Source records
■ ■ ■ ■ ■ ■ ■
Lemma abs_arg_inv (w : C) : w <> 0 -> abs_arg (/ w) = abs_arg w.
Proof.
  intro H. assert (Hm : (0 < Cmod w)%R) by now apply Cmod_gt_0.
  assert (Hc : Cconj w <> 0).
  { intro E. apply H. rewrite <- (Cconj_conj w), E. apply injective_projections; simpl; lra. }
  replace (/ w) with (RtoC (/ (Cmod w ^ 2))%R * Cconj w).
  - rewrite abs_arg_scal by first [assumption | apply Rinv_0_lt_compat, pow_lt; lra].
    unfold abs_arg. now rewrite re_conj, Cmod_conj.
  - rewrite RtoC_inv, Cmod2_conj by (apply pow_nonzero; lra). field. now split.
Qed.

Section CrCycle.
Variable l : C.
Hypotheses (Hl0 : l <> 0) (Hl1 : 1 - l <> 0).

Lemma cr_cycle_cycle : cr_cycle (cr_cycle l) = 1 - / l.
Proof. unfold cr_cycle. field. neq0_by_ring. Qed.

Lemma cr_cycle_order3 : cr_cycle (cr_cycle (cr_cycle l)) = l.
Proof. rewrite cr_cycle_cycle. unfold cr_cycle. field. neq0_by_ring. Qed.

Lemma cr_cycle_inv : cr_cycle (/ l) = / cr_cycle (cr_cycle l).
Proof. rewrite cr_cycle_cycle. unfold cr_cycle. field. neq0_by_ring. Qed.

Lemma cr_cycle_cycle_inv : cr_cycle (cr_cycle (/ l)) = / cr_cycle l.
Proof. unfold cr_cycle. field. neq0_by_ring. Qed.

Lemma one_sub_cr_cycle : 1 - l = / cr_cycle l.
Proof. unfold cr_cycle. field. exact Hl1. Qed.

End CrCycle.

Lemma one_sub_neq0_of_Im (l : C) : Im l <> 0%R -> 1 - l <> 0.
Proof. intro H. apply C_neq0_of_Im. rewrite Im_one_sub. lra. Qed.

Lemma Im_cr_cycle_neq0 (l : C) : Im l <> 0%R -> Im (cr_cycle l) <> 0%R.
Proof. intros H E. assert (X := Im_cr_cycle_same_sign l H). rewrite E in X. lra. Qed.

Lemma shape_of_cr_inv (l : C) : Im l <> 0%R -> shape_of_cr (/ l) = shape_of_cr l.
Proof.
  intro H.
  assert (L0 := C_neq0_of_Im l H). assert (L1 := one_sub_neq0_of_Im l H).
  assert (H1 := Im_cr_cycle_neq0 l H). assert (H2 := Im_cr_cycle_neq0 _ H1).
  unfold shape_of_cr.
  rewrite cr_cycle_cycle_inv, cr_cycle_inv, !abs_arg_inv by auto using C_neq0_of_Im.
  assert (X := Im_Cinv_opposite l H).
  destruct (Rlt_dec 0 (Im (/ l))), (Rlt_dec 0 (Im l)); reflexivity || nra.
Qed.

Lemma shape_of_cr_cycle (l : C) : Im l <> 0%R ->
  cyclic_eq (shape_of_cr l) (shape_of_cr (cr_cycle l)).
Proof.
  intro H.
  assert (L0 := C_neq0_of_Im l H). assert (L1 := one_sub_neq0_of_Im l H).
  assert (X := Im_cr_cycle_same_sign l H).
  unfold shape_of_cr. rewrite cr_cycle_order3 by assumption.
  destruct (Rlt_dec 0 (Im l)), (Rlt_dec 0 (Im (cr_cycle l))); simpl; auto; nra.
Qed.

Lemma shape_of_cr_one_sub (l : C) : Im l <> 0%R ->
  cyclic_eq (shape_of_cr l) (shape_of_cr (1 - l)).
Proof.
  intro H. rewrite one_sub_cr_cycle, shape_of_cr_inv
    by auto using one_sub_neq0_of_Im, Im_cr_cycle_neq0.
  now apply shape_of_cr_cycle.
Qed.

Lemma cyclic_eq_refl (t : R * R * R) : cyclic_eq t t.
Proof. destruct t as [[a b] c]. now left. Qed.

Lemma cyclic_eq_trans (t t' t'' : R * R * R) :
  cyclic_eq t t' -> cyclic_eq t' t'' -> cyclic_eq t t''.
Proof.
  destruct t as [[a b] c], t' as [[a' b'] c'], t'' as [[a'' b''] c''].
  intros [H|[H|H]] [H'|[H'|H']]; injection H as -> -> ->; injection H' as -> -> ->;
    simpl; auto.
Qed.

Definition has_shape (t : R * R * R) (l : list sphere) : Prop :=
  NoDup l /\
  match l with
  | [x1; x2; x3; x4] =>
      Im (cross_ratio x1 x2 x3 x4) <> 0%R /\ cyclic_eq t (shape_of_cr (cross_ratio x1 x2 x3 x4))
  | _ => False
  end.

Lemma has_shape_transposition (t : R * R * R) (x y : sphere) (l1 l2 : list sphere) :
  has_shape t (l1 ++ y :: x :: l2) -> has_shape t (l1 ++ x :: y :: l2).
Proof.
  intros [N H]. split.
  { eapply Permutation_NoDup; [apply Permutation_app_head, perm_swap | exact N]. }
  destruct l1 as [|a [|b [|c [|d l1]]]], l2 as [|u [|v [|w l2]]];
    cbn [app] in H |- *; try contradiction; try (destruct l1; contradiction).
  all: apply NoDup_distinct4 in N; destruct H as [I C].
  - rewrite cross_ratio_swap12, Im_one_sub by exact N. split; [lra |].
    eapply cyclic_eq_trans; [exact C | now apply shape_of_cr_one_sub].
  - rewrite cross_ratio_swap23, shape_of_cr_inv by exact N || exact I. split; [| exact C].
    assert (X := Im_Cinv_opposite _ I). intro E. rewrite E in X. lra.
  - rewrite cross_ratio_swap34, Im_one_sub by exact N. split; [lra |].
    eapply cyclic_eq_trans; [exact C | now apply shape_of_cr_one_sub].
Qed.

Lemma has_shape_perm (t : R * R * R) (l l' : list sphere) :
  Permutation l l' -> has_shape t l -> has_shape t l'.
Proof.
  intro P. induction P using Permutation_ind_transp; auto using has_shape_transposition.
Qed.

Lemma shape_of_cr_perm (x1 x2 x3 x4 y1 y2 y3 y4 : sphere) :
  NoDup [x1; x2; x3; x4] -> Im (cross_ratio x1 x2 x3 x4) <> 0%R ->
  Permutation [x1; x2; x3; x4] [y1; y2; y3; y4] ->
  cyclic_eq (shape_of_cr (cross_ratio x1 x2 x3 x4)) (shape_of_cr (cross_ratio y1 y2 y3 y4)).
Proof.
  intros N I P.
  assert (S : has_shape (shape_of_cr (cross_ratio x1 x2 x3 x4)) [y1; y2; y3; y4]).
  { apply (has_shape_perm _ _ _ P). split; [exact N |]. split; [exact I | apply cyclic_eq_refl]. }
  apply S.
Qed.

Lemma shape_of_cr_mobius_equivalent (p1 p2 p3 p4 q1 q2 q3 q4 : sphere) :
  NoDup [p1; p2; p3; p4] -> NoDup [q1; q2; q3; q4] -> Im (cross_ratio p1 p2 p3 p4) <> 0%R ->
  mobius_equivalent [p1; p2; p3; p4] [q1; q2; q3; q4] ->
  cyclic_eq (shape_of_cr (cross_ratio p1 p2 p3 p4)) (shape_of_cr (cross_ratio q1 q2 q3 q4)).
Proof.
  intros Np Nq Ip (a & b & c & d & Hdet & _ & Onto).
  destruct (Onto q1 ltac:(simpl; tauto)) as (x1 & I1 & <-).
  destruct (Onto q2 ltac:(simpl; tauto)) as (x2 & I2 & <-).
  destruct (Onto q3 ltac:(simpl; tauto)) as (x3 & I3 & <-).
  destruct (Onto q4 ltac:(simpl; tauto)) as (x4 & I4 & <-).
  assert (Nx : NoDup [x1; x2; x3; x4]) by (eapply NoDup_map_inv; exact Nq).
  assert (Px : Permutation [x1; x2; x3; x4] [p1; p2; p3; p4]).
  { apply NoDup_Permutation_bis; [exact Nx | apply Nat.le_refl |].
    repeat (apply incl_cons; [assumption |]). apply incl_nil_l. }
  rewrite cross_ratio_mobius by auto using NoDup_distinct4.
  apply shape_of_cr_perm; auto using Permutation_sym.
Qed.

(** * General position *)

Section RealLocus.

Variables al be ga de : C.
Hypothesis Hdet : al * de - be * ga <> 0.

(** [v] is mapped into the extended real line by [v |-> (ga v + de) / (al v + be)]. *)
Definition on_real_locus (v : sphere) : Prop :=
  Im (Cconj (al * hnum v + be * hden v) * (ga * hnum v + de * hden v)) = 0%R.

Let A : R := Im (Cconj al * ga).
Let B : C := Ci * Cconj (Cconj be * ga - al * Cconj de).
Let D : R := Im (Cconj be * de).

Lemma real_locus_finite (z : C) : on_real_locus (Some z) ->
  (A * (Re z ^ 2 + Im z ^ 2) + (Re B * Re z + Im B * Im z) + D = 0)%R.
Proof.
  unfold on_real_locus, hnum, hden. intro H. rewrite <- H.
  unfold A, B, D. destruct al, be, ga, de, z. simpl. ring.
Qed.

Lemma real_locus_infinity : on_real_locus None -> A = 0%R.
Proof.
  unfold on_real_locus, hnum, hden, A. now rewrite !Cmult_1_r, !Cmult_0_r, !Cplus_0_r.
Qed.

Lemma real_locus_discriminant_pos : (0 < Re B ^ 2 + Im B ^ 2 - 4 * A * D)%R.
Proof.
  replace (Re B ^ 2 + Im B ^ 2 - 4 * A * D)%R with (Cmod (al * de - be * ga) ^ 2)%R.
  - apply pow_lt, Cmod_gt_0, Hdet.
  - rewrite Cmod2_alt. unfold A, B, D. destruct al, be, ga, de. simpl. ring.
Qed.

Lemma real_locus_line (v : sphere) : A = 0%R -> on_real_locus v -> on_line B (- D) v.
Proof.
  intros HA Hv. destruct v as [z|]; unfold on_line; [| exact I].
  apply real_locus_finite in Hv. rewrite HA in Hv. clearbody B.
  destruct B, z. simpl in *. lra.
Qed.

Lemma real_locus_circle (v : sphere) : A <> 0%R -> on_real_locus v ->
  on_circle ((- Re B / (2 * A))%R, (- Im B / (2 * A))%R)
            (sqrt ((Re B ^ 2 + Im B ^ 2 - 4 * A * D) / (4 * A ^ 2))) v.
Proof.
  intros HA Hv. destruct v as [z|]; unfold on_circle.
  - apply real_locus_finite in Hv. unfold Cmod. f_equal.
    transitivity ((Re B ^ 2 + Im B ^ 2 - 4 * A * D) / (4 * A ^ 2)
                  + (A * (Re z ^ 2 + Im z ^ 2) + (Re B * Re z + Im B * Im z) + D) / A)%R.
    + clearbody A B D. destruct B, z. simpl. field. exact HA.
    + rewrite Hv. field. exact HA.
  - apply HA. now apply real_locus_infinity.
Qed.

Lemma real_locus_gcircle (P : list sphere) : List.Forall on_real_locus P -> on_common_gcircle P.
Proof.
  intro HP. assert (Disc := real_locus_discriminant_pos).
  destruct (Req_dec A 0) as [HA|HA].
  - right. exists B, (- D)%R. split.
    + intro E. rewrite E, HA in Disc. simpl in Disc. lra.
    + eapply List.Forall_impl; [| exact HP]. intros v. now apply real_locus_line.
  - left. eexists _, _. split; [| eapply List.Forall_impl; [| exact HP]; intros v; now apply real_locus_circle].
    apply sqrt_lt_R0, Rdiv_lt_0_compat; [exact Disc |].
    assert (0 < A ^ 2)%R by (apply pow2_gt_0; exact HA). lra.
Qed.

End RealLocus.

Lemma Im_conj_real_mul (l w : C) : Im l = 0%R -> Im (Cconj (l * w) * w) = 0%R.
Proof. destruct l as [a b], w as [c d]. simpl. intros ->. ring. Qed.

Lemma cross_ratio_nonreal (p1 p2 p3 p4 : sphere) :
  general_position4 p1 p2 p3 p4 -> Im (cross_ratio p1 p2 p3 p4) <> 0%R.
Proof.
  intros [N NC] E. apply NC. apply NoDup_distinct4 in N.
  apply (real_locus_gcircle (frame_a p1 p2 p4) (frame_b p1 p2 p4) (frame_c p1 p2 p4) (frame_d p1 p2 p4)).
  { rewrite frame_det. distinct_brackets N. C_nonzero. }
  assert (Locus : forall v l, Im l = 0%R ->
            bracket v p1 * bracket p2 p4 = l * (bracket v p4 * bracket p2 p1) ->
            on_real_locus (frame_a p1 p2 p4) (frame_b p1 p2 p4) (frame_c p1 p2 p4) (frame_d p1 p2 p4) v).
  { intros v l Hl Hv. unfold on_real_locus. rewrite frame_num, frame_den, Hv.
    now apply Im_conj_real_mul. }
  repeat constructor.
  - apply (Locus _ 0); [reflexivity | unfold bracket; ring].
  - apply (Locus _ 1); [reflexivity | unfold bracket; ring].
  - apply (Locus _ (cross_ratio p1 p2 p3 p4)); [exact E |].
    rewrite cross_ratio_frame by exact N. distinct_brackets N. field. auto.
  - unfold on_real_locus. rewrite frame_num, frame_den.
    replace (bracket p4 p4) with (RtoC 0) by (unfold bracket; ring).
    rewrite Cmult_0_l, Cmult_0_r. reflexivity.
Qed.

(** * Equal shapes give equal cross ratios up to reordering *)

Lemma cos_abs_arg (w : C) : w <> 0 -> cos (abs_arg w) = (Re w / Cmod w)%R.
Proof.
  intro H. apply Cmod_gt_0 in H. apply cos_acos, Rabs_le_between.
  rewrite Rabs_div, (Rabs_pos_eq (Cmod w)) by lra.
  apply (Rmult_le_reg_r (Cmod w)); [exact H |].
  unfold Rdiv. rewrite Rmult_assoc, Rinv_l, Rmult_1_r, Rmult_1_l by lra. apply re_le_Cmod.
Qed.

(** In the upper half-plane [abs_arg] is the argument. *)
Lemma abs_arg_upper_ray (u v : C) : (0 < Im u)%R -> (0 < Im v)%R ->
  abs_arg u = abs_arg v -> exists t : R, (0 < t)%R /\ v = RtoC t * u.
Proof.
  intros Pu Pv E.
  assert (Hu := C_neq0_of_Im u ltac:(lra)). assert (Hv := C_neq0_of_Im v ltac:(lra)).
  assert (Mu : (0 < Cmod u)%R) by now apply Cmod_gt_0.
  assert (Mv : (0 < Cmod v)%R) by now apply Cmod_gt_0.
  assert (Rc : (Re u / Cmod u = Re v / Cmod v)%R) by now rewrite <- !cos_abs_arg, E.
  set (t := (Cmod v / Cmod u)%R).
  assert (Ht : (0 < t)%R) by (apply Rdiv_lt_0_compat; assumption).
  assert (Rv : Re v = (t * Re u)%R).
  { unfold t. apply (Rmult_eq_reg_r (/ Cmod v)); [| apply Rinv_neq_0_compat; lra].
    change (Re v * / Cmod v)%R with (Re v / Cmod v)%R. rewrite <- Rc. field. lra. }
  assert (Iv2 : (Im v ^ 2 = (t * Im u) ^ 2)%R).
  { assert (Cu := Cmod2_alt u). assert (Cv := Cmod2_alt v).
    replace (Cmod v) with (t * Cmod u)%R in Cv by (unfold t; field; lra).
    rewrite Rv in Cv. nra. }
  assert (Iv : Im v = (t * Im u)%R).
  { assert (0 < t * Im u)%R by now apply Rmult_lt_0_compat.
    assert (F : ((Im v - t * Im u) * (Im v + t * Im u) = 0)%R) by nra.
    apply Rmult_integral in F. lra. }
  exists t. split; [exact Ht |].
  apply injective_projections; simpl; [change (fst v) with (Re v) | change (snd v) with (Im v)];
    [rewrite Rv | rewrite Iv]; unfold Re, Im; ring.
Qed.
■ ■ ■ ■ ■ ■ ■
- _Problem to solve_:
Copy, exactly and only, the lines above that begin with the one containing "End CrCycle." and finish with the one containing "simpl; auto.".

- _Answer for the task_:
End CrCycle.

Lemma one_sub_neq0_of_Im (l : C) : Im l <> 0%R -> 1 - l <> 0.
Proof. intro H. apply C_neq0_of_Im. rewrite Im_one_sub. lra. Qed.

Lemma Im_cr_cycle_neq0 (l : C) : Im l <> 0%R -> Im (cr_cycle l) <> 0%R.
Proof. intros H E. assert (X := Im_cr_cycle_same_sign l H). rewrite E in X. lra. Qed.

Lemma shape_of_cr_inv (l : C) : Im l <> 0%R -> shape_of_cr (/ l) = shape_of_cr l.
Proof.
  intro H.
  assert (L0 := C_neq0_of_Im l H). assert (L1 := one_sub_neq0_of_Im l H).
  assert (H1 := Im_cr_cycle_neq0 l H). assert (H2 := Im_cr_cycle_neq0 _ H1).
  unfold shape_of_cr.
  rewrite cr_cycle_cycle_inv, cr_cycle_inv, !abs_arg_inv by auto using C_neq0_of_Im.
  assert (X := Im_Cinv_opposite l H).
  destruct (Rlt_dec 0 (Im (/ l))), (Rlt_dec 0 (Im l)); reflexivity || nra.
Qed.

Lemma shape_of_cr_cycle (l : C) : Im l <> 0%R ->
  cyclic_eq (shape_of_cr l) (shape_of_cr (cr_cycle l)).
Proof.
  intro H.
  assert (L0 := C_neq0_of_Im l H). assert (L1 := one_sub_neq0_of_Im l H).
  assert (X := Im_cr_cycle_same_sign l H).
  unfold shape_of_cr. rewrite cr_cycle_order3 by assumption.
  destruct (Rlt_dec 0 (Im l)), (Rlt_dec 0 (Im (cr_cycle l))); simpl; auto; nra.
Qed.

Lemma shape_of_cr_one_sub (l : C) : Im l <> 0%R ->
  cyclic_eq (shape_of_cr l) (shape_of_cr (1 - l)).
Proof.
  intro H. rewrite one_sub_cr_cycle, shape_of_cr_inv
    by auto using one_sub_neq0_of_Im, Im_cr_cycle_neq0.
  now apply shape_of_cr_cycle.
Qed.

Lemma cyclic_eq_refl (t : R * R * R) : cyclic_eq t t.
Proof. destruct t as [[a b] c]. now left. Qed.

Lemma cyclic_eq_trans (t t' t'' : R * R * R) :
  cyclic_eq t t' -> cyclic_eq t' t'' -> cyclic_eq t t''.
Proof.
  destruct t as [[a b] c], t' as [[a' b'] c'], t'' as [[a'' b''] c''].
  intros [H|[H|H]] [H'|[H'|H']]; injection H as -> -> ->; injection H' as -> -> ->;
    simpl; auto.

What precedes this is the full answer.